== Task goal ==
Read the lines below, and copy any that contain the string "last".

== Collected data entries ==
=======

(* Let $n\ge3$ be odd, $d,R\in\mathbb{Q}$, $d\ne0$, $R$ not a square, $D=d^2-R$, $\zeta$ a primitive $n$th root of unity and $K=\mathbb{Q}(\sqrt R(\zeta-\zeta^{-1}))$. If $f_n=f_n(Z,d,R)$ has a zero in $\mathbb{Q}$, then the splitting field $L\subseteq\mathbb{C}$ of $f_n$ over $\mathbb{Q}$ equals $K$.
   Context: $f_n(Z,d,R)=\sum_{j=0}^{(n-1)/2}(-1)^j\frac{n}{n-j}\binom{n-j}{j}D^jZ^{n-2j}-2dD^{(n-1)/2}$, which equals $\sqrt D^{\,n}F_n(Z/\sqrt D)-2dD^{(n-1)/2}$ where $F_n(Z)=2T_n(Z/2)$ and $T_n$ is the Chebyshev polynomial of the first kind. *)

(* complex numbers are modelled by algC (algebraic complex
   numbers); all numbers involved are algebraic. *)
From HB Require Import structures.
From mathcomp Require Import all_boot all_order all_algebra all_field.
Set Implicit Arguments. Unset Strict Implicit. Unset Printing Implicit Defensive.
Import Order.TTheory GRing.Theory Num.Theory.
Local Open Scope ring_scope.

Definition Dval (d R : rat) : rat := d ^+ 2 - R.

(* f_n(Z,d,R) = sum_{j=0}^{(n-1)/2} (-1)^j n/(n-j) C(n-j,j) D^j Z^{n-2j}
                - 2 d D^{(n-1)/2};   for n odd, (n-1)/2 = n./2 *)
Definition fpoly (n : nat) (d R : rat) : {poly rat} :=
  \sum_(j < n./2.+1)
     ((-1) ^+ j * (n%:R / (n - j)%:R) * ('C(n - j, j))%:R * Dval d R ^+ j)
       *: 'X^(n - 2 * j)
  - (2 * d * Dval d R ^+ n./2)%:P.

Definition gen_field (S : algC -> Prop) (x : algC) : Prop :=
  forall P : algC -> Prop,
    (forall s, S s -> P s) ->
    P 0 -> P 1 ->
    (forall a b, P a -> P b -> P (a + b)) ->
    (forall a, P a -> P (- a)) ->
    (forall a b, P a -> P b -> P (a * b)) ->
    (forall a, P a -> P (a^-1)) ->
    P x.

Definition splitting_field_C (p : {poly rat}) : algC -> Prop :=
  gen_field (fun z => root (map_poly ratr p) z).

From HB Require Import structures.
From mathcomp Require Import all_boot all_order all_algebra all_field.
From mathcomp Require Import ring zify.
Import Order.TTheory GRing.Theory Num.Theory.
Local Open Scope ring_scope.

(* Proof of Corollary 1.  Write m = (n-1)/2, D = d^2 - R (nonzero since R is
   not a square) and r = sqrt R.
   1. f_n(Z) = D_n(Z, D) - 2dD^m where D_n is the Dickson polynomial, which is
      characterised by D_n(v + D/v, D) = v^n + (D/v)^n (Dickson coefficients
      and their recursion come first).
   2. Hence, writing any z in C as z = v + D/v, z is a root of f_n iff w = v^n
      solves w^2 - 2dD^m w + D^(2m)(d^2 - R) = 0, i.e. w = D^m (d +- r).  As
      v |-> D/v swaps the two cases, the roots of f_n are exactly
      zeta^k v0 + D/(zeta^k v0) for one fixed v0 with v0^n = D^m (d + r).
   3. If the root x = v0 + D/v0 is rational, expanding v0^n and (D/v0)^n in
      Q(v0 - D/v0) shows v0 - D/v0 = c r with c rational and nonzero.
   4. So every root is (x (zeta^k + zeta^-k) + c r (zeta^k - zeta^-k)) / 2,
      which lies in K = Q(r (zeta - zeta^-1)) since n is odd; conversely the
      generator of K is the difference of two roots divided by c. *)

(* Dickson coefficients: [dickson_coef n j] is the coefficient of
   (-a)^j x^(n-2j) in the Dickson polynomial D_n(x, a), i.e. the j-th
   coefficient produced by D_0 = 2, D_1 = x, D_(n+2) = x D_(n+1) - a D_n. *)
Fixpoint dickson_coef (n j : nat) : nat :=
  match n with
  | 0 => if j == 0%N then 2%N else 0%N
  | 1 => if j == 0%N then 1%N else 0%N
  | (n'.+1 as m).+1 => (dickson_coef m j + (if j is j'.+1 then dickson_coef n' j' else 0))%N
  end.

Lemma dickson_coefSS n j :
  dickson_coef n.+2 j = (dickson_coef n.+1 j + (if j is j'.+1 then dickson_coef n j' else 0))%N.
Proof. by []. Qed.

Lemma dickson_coef_eq0 n j : (n < j.*2)%N -> dickson_coef n j = 0%N.
Proof.
elim/ltn_ind: n j => [[|[|n]]] IH j H.
- by case: j H => [|[]].
- by case: j H => [|[]].
rewrite dickson_coefSS (IH n.+1) //; last lia.
case: j H => [|j] H //; rewrite (IH n) //; lia.
Qed.

Lemma dickson_coef_binom n j : (0 < n)%N -> (j < n)%N ->
  dickson_coef n j = ('C(n - j, j) + (if j is i.+1 then 'C((n - i).-2, i) else 0))%N.
Proof.
elim/ltn_ind: n j => [[|[|[|n]]]] IH j // _ Hj.
- by case: j Hj => [|[]].
- by case: j Hj => [|[|[]]].
case: j Hj => [|i] Hi; rewrite dickson_coefSS.
  by rewrite (IH n.+2) // !subn0 !bin0.
case: (ltnP i n.+1) => Hin; last first.
  have -> : i = n.+1 by lia.
  rewrite !dickson_coef_eq0; try lia.
  have -> : (n.+3 - n.+2 = 1)%N by lia.
  have -> : ((n.+3 - n.+1).-2 = 0)%N by lia.
  by rewrite !bin_small.
have -> : (n.+3 - i.+1 = (n - i).+2)%N by lia.
have -> : ((n.+3 - i).-2 = (n - i).+1)%N by lia.
rewrite (IH n.+2 (ltnSn _) i.+1 isT Hin).
have -> : (n.+2 - i.+1 = (n - i).+1)%N by lia.
have -> : ((n.+2 - i).-2 = (n - i))%N by lia.
case: i Hi Hin => [|i] Hi Hin.
  by rewrite (IH n.+1) // !subn0 !bin0 !binS !bin0; lia.
rewrite (IH n.+1 (ltnW (ltnSn _)) i.+1 isT ltac:(lia)).
have -> : (n.+1 - i.+1 = (n - i.+1).+1)%N by lia.
have -> : ((n.+1 - i).-2 = (n - i.+1))%N by lia.
by rewrite !binS; lia.
Qed.

(* The classical form of the coefficients: (n - j) c_(n,j) = n C(n-j, j),
   i.e. c_(n,j) = n/(n-j) C(n-j, j) as in the definition of f_n. *)
Lemma dickson_coef_mul n j : (0 < n)%N -> (j < n)%N ->
  ((n - j) * dickson_coef n j = n * 'C(n - j, j))%N.
Proof.
move=> Hn Hj; rewrite dickson_coef_binom //.
case: j Hj => [|i] Hi; first by rewrite subn0 addn0.
have := mul_bin_diag (n - i.+1) i.
have -> : ((n - i.+1).-1 = (n - i).-2)%N by lia.
by move=> E; rewrite mulnDr E; lia.
Qed.
Arguments dickson_coef : simpl never.

Section DicksonSum.
Variables (F : fieldType) (a x : F).

Definition dickson_sum (N n : nat) : F :=
  \sum_(j < N) (dickson_coef n j)%:R * (-a) ^+ j * x ^+ (n - 2 * j).

Lemma dickson_sum_widen N M n : (n < N.*2)%N -> (N <= M)%N ->
  dickson_sum M n = dickson_sum N n.
Proof.
move=> HnN; elim: M => [|M IH] HM; first by have -> : N = 0%N by lia.
case: (ltngtP N M.+1) HM => // [HNM _|->] //.
rewrite -IH; last lia.
by rewrite /dickson_sum big_ord_recr /= dickson_coef_eq0 ?mul0r ?addr0 //; lia.
Qed.

Lemma dickson_sumSS N n : (n.+1 <= N)%N ->
  dickson_sum N.+1 n.+2 = x * dickson_sum N.+1 n.+1 - a * dickson_sum N n.
Proof.
move=> HN; rewrite /dickson_sum.
under eq_bigr => j _ do rewrite dickson_coefSS natrD !mulrDl.
rewrite big_split [X in _ + X = _]big_ord_recl /= !mul0r add0r.
rewrite mulr_sumr; congr (_ + _).
  apply: eq_bigr => j _; case: (leqP (2 * j) n.+1) => Hj.
    have -> : (n.+2 - 2 * j = (n.+1 - 2 * j).+1)%N by lia.
    by rewrite exprS; ring.
  by rewrite dickson_coef_eq0 ?mul0r ?mulr0 //; lia.
rewrite mulr_sumr -sumrN; apply: eq_bigr => j _.
have -> : (n.+2 - 2 * j.+1 = n - 2 * j)%N by rewrite /bump /=; lia.
by rewrite /bump /= exprS; ring.
Qed.

Lemma dickson_sum_joukowski v N n : v != 0 -> x = v + a / v -> (n < N)%N ->
  dickson_sum N n = v ^+ n + (a / v) ^+ n.
Proof.
move=> vnz xE; elim/ltn_ind: n N => [[|[|n]]] IH N HN.
- rewrite (@dickson_sum_widen 1%N) //; try lia.
  by rewrite /dickson_sum big_ord1 /dickson_coef /= !expr0; ring.
- rewrite (@dickson_sum_widen 1%N) //; try lia.
  by rewrite /dickson_sum big_ord1 xE /dickson_coef /= !expr0 !expr1 mulr1 mul1r.
case: N HN => // N HN.
rewrite dickson_sumSS; last lia.
rewrite (IH n.+1) //; last lia.
rewrite (IH n) //; last lia.
by rewrite xE !exprS; field.
Qed.
End DicksonSum.
Lemma opp_unique x y : add x y == e -> y == opp x.
Proof. intro Hxy. apply (add_cancel_l x). rewrite Hxy, add_opp_r. reflexivity. Qed.

Lemma opp_add x y : opp (add x y) == add (opp x) (opp y).
Proof.
  symmetry. apply opp_unique.
  rewrite add_add_swap, !add_opp_r. apply add_0_l.
Qed.

Lemma opp_involutive x : opp (opp x) == x.
Proof. symmetry. apply opp_unique. rewrite add_comm. apply add_opp_r. Qed.

Lemma opp_zero : opp e == e.
Proof. symmetry. apply opp_unique. apply add_0_l. Qed.

Lemma alpha_opp x : alpha (opp x) == opp (alpha x).
Proof. apply opp_unique. rewrite <- alpha_add, add_opp_r. apply alpha_zero. Qed.

Fixpoint nmul (n : nat) (x : A) : A :=
  match n with O => e | S n => add x (nmul n x) end.

#[local] Instance nmul_Proper n : Proper (R ==> R) (nmul n).
Proof. induction n; intros x1 x2 Hx; simpl; [reflexivity|]. apply add_Proper; auto. Qed.

Lemma nmul_add m n x : nmul (m + n) x == add (nmul m x) (nmul n x).
Proof. induction m; simpl; [rewrite add_0_l; reflexivity|]. rewrite IHm, add_assoc. reflexivity. Qed.

Lemma nmul_alpha n x : nmul n (alpha x) == alpha (nmul n x).
Proof. induction n; simpl; [rewrite alpha_zero; reflexivity|]. rewrite IHn, alpha_add. reflexivity. Qed.

Definition zmul (p : Z) (x : A) := add (nmul (Z.to_nat p) x) (opp (nmul (Z.to_nat (- p)) x)).

#[local] Instance zmul_Proper p : Proper (R ==> R) (zmul p).
Proof. unfold zmul. intros x1 x2 Hx. rewrite Hx. reflexivity. Qed.

Lemma zmul_sub_of_nat m n x :
  zmul (Z.of_nat m - Z.of_nat n) x == add (nmul m x) (opp (nmul n x)).
Proof.
  unfold zmul. destruct (Nat.le_ge_cases n m) as [Hnm|Hmn].
  - replace (Z.to_nat (Z.of_nat m - Z.of_nat n)) with (m - n)%nat by lia.
    replace (Z.to_nat (- (Z.of_nat m - Z.of_nat n))) with 0%nat by lia.
    replace m with ((m - n) + n)%nat at 2 by lia.
    rewrite nmul_add. simpl. rewrite opp_zero, add_0_r, add_assoc, add_opp_r, add_0_r.
    reflexivity.
  - replace (Z.to_nat (Z.of_nat m - Z.of_nat n)) with 0%nat by lia.
    replace (Z.to_nat (- (Z.of_nat m - Z.of_nat n))) with (n - m)%nat by lia.
    replace n with ((n - m) + m)%nat at 2 by lia.
    rewrite nmul_add. simpl. rewrite add_0_l, opp_add, add_left_comm, add_opp_r, add_0_r.
    reflexivity.
Qed.

Lemma zmul_add p q x : zmul (p + q) x == add (zmul p x) (zmul q x).
Proof.
  replace (p + q)%Z with (Z.of_nat (Z.to_nat p + Z.to_nat q)
                          - Z.of_nat (Z.to_nat (- p) + Z.to_nat (- q)))%Z by lia.
  rewrite zmul_sub_of_nat, !nmul_add, opp_add. apply add_add_swap.
Qed.

Lemma zmul_opp p x : zmul (- p) x == opp (zmul p x).
Proof.
  replace (- p)%Z with (Z.of_nat (Z.to_nat (- p)) - Z.of_nat (Z.to_nat p))%Z by lia.
  rewrite zmul_sub_of_nat. unfold zmul. rewrite opp_add, opp_involutive, add_comm.
  reflexivity.
Qed.

Lemma zmul_0 x : zmul 0 x == e.
Proof. unfold zmul. simpl. rewrite opp_zero, add_0_l. reflexivity. Qed.

Lemma zmul_1 x : zmul 1 x == x.
Proof. unfold zmul. simpl. rewrite opp_zero, !add_0_r. reflexivity. Qed.

Lemma zmul_alpha p x : zmul p (alpha x) == alpha (zmul p x).
Proof. unfold zmul. rewrite !nmul_alpha, alpha_add, alpha_opp. reflexivity. Qed.

Definition scale (k : Z * Z) (x : A) := add (zmul (fst k) x) (zmul (snd k) (alpha x)).

Lemma scale_0 x : scale (0, 0)%Z x == e.
Proof. unfold scale; simpl. rewrite !zmul_0, add_0_l. reflexivity. Qed.

Lemma scale_1 x : scale (1, 0)%Z x == x.
Proof. unfold scale; simpl. rewrite zmul_0, zmul_1, add_0_r. reflexivity. Qed.

Lemma scale_alpha_sub p1 q1 p2 q2 x :
  scale (q1 - p2, p1 - q2)%Z x == add (alpha (scale (p1, q1) x)) (opp (scale (p2, q2) x)).
Proof.
  unfold scale; simpl. unfold Z.sub. rewrite !zmul_add, !zmul_opp.
  rewrite alpha_add, !zmul_alpha, alpha_involutive, opp_add.
  rewrite (add_comm (alpha _) (zmul q1 x)), <- !zmul_alpha. apply add_add_swap.
Qed.

Lemma scale_alpha_sub_add p1 q1 p2 q2 x :
  scale (q1 - p2 + 1, p1 - q2)%Z x
  == add (alpha (scale (p1, q1) x)) (add x (opp (scale (p2, q2) x))).
Proof.
  rewrite add_left_comm, <- scale_alpha_sub. unfold scale; simpl.
  rewrite zmul_add, zmul_1, <- add_assoc, (add_comm x), add_assoc. reflexivity.
Qed.

Fixpoint sum (N : nat) (f : nat -> A) : A :=
  match N with O => e | S N => add (sum N f) (f N) end.

Lemma sum_ext N f g : (forall n, f n == g n) -> sum N f == sum N g.
Proof. intro Hfg. induction N; simpl; [reflexivity|]. rewrite IHN, Hfg. reflexivity. Qed.

Lemma sum_add N f g : sum N (fun n => add (f n) (g n)) == add (sum N f) (sum N g).
Proof. induction N; simpl; [rewrite add_0_l; reflexivity|]. rewrite IHN. apply add_add_swap. Qed.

=======

== Task solution ==
rewrite dickson_coefSS (IH n.+1) //; last lia.
case: (ltnP i n.+1) => Hin; last first.
rewrite -IH; last lia.
rewrite dickson_sumSS; last lia.
rewrite (IH n.+1) //; last lia.
rewrite (IH n) //; last lia.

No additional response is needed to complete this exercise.